Exercise data:
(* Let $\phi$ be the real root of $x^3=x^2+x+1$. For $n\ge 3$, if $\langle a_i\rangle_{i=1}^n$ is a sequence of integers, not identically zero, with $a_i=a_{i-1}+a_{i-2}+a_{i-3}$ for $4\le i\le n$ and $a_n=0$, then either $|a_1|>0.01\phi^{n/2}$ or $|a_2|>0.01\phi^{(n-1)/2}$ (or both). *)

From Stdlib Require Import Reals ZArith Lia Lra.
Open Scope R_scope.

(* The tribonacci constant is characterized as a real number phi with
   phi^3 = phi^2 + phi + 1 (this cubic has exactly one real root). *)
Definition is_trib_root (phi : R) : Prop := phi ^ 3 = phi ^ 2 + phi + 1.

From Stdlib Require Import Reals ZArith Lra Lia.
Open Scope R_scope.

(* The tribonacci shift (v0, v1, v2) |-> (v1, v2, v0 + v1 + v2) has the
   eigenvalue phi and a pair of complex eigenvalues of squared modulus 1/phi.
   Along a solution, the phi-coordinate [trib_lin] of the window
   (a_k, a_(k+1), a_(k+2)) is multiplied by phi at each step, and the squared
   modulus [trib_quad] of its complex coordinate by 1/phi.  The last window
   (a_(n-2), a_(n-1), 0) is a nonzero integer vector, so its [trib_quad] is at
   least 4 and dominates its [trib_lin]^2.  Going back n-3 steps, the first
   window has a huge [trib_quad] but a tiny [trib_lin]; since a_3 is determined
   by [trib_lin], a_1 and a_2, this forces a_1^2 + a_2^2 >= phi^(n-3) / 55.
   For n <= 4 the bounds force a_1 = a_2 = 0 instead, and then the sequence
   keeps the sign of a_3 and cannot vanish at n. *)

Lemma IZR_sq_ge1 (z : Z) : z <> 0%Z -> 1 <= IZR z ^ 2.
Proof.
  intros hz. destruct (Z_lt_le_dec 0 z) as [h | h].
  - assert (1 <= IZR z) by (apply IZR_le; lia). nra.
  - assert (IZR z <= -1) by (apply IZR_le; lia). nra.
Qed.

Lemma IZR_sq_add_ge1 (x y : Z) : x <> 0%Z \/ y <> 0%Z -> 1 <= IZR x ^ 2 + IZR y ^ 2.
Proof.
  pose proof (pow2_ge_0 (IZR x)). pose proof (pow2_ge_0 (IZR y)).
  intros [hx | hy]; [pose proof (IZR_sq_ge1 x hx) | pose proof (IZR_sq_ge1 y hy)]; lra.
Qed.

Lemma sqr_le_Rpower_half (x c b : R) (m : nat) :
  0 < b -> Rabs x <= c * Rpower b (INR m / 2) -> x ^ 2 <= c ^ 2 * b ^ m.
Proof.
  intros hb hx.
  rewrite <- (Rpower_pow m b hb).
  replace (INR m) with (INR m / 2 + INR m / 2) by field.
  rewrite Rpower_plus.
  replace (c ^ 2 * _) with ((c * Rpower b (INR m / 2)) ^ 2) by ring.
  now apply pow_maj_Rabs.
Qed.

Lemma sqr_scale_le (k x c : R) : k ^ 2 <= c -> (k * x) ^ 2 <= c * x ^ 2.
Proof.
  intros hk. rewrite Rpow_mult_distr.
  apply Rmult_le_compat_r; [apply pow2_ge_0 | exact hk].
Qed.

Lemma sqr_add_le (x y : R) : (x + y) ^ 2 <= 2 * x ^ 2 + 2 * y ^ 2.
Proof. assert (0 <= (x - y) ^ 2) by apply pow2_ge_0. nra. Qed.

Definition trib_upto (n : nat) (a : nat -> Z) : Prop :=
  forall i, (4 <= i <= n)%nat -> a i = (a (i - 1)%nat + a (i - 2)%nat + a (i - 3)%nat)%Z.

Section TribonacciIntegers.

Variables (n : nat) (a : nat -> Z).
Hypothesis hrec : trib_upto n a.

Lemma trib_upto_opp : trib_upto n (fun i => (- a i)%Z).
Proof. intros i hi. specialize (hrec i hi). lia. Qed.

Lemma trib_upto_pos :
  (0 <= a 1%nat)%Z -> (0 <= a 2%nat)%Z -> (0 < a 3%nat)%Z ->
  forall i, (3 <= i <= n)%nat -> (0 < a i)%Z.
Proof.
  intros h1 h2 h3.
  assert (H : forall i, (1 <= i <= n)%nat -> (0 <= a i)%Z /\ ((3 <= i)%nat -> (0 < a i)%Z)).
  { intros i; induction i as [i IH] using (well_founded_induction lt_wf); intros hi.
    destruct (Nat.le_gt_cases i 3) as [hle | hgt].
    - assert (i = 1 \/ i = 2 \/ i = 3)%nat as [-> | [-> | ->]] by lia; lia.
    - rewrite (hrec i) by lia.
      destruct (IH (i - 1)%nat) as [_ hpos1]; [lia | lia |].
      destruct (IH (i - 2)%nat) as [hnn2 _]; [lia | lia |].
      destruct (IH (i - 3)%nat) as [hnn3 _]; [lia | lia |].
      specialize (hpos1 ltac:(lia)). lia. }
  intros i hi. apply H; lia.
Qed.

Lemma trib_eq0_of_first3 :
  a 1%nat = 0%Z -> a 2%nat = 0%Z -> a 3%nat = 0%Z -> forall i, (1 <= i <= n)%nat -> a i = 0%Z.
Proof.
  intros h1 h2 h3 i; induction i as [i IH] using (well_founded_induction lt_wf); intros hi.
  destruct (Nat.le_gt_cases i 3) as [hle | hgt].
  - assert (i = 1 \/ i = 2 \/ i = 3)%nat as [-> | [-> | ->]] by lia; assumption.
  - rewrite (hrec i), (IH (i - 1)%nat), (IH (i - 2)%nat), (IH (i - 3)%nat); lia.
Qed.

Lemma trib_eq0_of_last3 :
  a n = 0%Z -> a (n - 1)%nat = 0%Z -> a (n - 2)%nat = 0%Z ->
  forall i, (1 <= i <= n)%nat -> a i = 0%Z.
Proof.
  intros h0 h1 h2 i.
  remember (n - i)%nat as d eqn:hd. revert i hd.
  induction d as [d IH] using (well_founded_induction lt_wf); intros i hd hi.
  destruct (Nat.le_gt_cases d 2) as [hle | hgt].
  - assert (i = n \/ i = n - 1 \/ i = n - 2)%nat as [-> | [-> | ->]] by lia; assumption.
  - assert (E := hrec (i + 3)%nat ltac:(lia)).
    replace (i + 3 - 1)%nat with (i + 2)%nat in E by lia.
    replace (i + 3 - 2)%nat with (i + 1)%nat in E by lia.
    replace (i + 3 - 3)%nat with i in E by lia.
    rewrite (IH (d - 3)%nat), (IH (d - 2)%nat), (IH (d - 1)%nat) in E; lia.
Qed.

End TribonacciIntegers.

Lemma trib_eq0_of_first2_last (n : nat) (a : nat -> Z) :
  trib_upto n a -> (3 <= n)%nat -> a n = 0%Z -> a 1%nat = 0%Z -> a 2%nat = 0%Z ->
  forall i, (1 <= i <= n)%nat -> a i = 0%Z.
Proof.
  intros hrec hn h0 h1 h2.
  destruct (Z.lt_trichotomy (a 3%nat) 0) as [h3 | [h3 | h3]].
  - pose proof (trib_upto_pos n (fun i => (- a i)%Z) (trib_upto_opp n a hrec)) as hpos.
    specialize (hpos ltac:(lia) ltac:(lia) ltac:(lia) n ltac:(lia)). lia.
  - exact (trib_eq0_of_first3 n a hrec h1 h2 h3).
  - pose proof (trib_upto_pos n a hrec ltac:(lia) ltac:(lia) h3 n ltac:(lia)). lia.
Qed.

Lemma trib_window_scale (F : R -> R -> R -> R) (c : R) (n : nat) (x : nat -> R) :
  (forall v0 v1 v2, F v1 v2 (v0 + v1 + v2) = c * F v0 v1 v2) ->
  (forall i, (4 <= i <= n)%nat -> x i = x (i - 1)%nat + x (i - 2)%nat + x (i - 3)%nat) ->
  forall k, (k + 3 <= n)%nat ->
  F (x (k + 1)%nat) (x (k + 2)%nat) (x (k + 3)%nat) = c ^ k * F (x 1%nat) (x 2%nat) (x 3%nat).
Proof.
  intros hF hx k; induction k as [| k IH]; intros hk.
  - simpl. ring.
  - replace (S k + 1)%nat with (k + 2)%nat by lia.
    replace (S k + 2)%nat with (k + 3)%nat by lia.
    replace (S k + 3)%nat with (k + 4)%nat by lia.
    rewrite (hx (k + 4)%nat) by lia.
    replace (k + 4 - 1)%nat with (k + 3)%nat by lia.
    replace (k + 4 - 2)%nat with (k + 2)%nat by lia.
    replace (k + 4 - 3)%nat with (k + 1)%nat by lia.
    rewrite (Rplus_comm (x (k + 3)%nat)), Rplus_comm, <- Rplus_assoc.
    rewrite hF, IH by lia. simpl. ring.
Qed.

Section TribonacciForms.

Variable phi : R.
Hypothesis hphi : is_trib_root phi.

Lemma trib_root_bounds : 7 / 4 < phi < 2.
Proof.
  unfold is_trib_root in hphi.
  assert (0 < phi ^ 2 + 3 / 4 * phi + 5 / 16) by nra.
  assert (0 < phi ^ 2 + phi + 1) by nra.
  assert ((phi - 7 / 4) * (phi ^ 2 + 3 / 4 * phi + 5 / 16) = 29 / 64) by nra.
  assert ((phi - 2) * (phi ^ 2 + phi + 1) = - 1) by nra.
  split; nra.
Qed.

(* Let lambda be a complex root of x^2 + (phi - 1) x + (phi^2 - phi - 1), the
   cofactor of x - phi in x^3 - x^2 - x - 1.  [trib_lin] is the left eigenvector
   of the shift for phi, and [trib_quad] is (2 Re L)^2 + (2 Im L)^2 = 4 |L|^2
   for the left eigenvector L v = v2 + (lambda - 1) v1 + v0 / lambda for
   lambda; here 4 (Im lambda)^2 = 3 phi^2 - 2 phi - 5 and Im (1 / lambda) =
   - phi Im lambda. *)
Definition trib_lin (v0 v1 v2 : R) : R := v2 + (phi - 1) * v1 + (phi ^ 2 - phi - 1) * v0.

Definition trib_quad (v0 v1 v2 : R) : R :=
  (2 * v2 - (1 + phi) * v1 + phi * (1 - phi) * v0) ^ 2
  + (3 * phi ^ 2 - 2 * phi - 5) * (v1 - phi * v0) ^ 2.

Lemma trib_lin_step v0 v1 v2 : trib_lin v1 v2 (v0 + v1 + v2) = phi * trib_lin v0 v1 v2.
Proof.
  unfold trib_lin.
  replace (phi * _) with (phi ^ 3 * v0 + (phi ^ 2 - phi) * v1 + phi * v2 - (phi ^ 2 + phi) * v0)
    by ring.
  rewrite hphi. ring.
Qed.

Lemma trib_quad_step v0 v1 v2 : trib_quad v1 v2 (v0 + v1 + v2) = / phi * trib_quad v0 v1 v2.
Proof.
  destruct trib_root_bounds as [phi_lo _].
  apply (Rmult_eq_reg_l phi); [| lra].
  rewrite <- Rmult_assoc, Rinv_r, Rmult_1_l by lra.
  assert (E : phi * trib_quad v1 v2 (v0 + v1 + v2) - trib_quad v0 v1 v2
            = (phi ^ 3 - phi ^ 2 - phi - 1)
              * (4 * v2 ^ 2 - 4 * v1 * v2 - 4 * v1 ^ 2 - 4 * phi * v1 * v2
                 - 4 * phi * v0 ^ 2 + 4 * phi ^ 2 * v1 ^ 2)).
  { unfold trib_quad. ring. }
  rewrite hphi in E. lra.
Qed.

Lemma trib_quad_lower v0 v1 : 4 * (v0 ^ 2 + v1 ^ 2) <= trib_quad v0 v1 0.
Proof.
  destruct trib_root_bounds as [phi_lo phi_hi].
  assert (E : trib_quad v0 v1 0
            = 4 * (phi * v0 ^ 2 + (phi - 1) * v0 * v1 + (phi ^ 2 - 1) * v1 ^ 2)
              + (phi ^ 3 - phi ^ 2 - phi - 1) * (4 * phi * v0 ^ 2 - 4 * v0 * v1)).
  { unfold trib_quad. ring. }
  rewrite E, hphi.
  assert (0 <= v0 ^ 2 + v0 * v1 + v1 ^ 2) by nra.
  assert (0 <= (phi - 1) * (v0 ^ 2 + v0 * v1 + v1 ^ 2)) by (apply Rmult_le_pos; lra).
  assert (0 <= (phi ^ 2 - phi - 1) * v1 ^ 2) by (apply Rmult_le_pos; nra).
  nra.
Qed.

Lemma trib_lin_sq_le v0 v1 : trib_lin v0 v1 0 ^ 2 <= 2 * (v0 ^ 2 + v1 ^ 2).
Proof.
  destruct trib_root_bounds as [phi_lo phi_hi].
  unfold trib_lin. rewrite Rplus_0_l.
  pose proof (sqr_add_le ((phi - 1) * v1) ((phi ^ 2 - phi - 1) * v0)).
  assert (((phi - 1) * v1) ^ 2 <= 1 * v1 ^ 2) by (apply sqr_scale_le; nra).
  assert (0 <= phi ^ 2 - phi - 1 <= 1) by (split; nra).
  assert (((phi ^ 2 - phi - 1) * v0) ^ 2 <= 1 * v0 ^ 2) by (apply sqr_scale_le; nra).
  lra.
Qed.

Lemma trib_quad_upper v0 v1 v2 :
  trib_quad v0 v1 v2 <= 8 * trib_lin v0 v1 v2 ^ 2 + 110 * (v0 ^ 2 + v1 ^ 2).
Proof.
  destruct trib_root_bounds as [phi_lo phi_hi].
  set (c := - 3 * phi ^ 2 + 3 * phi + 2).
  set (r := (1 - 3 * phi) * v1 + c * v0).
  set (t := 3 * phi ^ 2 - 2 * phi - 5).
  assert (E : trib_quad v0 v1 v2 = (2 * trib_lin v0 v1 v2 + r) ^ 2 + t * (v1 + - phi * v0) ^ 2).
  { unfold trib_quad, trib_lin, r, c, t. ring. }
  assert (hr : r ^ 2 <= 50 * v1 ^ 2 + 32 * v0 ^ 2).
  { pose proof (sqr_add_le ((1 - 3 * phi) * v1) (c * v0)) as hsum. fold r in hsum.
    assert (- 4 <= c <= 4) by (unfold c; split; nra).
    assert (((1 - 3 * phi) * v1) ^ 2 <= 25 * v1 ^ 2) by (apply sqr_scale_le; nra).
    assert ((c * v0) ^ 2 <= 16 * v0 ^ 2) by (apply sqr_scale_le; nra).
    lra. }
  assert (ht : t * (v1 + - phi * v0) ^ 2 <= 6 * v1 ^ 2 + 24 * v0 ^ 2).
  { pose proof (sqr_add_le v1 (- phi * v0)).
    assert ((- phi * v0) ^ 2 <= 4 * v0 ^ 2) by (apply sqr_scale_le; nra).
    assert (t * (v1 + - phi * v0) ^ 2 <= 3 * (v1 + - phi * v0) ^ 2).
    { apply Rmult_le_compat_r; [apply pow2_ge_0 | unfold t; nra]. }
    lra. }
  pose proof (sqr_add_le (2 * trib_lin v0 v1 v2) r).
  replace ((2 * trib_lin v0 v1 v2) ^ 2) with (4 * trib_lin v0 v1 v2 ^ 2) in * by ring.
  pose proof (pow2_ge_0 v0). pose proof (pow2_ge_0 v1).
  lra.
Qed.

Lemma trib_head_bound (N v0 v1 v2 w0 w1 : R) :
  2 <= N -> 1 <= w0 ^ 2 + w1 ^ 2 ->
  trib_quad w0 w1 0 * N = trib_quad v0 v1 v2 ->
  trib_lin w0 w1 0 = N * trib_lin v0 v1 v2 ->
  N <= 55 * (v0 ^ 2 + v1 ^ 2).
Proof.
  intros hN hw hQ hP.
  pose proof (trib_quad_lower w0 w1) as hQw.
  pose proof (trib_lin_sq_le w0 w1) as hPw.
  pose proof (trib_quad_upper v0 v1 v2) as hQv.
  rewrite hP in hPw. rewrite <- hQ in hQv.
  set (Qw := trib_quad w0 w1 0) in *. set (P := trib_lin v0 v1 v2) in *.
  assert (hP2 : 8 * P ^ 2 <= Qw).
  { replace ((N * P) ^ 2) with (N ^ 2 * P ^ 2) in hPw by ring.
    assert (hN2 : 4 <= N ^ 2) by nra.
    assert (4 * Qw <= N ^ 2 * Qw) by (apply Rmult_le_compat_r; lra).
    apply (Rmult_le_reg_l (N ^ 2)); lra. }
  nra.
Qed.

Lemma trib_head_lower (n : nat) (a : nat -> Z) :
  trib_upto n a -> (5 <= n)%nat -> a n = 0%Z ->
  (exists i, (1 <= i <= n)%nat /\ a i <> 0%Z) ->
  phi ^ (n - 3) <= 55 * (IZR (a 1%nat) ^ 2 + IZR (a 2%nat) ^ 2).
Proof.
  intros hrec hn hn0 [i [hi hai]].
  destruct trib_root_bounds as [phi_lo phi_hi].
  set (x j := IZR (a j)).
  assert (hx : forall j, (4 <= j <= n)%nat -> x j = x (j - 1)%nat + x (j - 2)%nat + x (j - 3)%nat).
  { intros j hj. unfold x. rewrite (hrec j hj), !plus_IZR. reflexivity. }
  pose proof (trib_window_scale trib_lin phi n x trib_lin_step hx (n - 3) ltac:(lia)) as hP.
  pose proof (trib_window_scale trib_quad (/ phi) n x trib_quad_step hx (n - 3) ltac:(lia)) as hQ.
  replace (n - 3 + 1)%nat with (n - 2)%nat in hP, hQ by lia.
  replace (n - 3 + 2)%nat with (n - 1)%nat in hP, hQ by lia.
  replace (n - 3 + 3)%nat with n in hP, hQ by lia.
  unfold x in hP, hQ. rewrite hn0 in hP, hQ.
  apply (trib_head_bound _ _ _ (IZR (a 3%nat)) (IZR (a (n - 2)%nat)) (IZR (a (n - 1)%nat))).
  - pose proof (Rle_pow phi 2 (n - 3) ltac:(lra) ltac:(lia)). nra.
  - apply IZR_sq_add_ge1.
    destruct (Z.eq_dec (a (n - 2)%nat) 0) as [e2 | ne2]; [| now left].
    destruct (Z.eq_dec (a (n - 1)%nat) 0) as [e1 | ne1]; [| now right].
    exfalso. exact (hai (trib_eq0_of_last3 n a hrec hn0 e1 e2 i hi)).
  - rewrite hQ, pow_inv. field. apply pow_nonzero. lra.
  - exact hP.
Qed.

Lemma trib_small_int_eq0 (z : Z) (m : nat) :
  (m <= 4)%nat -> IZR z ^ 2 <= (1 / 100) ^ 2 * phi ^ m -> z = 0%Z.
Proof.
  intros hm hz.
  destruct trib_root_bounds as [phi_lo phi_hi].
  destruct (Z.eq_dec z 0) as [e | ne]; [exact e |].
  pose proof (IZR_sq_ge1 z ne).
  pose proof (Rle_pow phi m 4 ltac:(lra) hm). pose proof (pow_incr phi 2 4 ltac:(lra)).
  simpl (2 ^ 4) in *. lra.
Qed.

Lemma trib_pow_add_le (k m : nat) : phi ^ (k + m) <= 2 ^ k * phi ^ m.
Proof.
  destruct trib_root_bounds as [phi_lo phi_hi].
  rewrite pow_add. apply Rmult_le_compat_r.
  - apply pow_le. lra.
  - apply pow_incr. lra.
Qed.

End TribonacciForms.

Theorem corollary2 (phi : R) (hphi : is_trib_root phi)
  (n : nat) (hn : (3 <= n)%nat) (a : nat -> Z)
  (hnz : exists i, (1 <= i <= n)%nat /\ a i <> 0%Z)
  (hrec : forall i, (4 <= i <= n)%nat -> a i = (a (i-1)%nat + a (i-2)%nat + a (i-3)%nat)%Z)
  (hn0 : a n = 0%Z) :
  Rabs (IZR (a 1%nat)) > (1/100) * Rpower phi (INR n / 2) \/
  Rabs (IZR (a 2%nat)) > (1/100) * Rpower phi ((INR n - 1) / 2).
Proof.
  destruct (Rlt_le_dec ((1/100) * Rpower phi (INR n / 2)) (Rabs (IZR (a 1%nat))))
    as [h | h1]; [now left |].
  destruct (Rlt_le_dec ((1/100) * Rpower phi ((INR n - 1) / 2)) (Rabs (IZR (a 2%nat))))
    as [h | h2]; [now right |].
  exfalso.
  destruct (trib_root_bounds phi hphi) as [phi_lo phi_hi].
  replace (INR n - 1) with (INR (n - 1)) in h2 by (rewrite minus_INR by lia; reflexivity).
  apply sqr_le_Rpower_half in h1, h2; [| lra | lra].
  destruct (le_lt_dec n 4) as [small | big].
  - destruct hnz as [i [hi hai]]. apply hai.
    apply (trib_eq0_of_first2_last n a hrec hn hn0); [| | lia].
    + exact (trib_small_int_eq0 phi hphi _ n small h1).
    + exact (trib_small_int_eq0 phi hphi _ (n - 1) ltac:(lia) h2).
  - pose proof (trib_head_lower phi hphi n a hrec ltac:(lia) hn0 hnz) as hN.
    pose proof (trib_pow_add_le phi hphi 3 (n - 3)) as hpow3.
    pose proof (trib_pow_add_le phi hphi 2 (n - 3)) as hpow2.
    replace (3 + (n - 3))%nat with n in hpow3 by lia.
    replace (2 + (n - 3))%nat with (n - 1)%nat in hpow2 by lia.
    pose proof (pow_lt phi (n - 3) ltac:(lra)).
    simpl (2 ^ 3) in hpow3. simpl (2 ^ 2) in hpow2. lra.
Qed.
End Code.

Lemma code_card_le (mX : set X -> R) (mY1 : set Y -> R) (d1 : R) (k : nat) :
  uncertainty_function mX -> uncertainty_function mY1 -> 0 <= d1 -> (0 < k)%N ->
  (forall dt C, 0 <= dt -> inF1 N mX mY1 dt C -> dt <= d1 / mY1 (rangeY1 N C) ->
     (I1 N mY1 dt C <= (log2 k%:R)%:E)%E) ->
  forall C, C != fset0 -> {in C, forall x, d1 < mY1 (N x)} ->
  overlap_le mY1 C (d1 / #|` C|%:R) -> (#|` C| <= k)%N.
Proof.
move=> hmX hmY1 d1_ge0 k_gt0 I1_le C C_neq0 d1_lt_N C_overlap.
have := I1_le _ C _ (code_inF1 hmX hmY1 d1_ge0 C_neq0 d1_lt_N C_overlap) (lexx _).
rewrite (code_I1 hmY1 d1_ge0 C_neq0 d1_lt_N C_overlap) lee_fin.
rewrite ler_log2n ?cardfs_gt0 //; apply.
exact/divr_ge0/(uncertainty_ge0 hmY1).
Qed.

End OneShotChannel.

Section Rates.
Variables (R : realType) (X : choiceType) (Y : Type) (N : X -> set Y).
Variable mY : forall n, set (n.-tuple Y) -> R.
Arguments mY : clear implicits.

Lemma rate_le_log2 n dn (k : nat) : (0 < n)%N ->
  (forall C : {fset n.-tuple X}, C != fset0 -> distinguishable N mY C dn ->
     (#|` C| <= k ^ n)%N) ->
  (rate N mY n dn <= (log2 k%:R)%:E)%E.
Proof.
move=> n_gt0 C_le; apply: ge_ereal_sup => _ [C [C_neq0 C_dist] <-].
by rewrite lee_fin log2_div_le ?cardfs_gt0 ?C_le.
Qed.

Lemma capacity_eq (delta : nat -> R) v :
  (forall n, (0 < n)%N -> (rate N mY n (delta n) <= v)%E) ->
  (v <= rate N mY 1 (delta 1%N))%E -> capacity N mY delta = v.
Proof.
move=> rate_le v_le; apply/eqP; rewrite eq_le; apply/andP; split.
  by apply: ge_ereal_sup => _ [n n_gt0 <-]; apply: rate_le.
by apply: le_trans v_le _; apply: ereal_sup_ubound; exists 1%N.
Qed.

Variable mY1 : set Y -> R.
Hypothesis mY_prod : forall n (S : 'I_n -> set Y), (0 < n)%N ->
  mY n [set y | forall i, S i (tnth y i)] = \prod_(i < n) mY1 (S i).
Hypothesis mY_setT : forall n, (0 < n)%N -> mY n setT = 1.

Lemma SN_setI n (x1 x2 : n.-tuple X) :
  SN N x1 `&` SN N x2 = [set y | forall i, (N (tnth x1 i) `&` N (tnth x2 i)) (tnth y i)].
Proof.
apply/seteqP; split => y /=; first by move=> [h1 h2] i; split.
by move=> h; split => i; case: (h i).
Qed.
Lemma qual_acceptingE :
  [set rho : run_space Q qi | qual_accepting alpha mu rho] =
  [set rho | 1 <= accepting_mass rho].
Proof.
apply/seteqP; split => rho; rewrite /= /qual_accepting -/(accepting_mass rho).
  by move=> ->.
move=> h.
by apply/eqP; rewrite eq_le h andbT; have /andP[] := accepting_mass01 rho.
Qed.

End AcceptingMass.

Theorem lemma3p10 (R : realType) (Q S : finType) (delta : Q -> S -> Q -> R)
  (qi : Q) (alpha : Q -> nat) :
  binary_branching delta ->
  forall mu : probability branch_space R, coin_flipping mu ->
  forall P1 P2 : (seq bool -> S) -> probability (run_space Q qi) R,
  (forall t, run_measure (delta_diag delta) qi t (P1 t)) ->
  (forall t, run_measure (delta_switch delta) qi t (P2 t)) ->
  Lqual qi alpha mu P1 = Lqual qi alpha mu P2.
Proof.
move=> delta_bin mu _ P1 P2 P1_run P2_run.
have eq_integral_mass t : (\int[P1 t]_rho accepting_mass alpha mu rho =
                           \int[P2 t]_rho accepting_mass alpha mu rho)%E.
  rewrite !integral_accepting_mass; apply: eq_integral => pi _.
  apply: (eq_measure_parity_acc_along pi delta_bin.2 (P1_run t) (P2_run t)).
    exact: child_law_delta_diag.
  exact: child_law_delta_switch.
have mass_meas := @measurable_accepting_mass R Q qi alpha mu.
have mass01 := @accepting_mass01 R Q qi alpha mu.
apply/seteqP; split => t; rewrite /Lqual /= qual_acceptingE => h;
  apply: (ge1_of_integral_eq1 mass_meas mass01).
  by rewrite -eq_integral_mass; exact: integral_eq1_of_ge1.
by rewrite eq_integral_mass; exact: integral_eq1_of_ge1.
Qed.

Brief:
Going back to the entries above, set down exactly the lines that begin at the one with "intros i; induction" and end at the one with "- rewrite (hrec i) by lia.", both included, and nothing else.

Exercise solution:
  { intros i; induction i as [i IH] using (well_founded_induction lt_wf); intros hi.
    destruct (Nat.le_gt_cases i 3) as [hle | hgt].
    - assert (i = 1 \/ i = 2 \/ i = 3)%nat as [-> | [-> | ->]] by lia; lia.
    - rewrite (hrec i) by lia.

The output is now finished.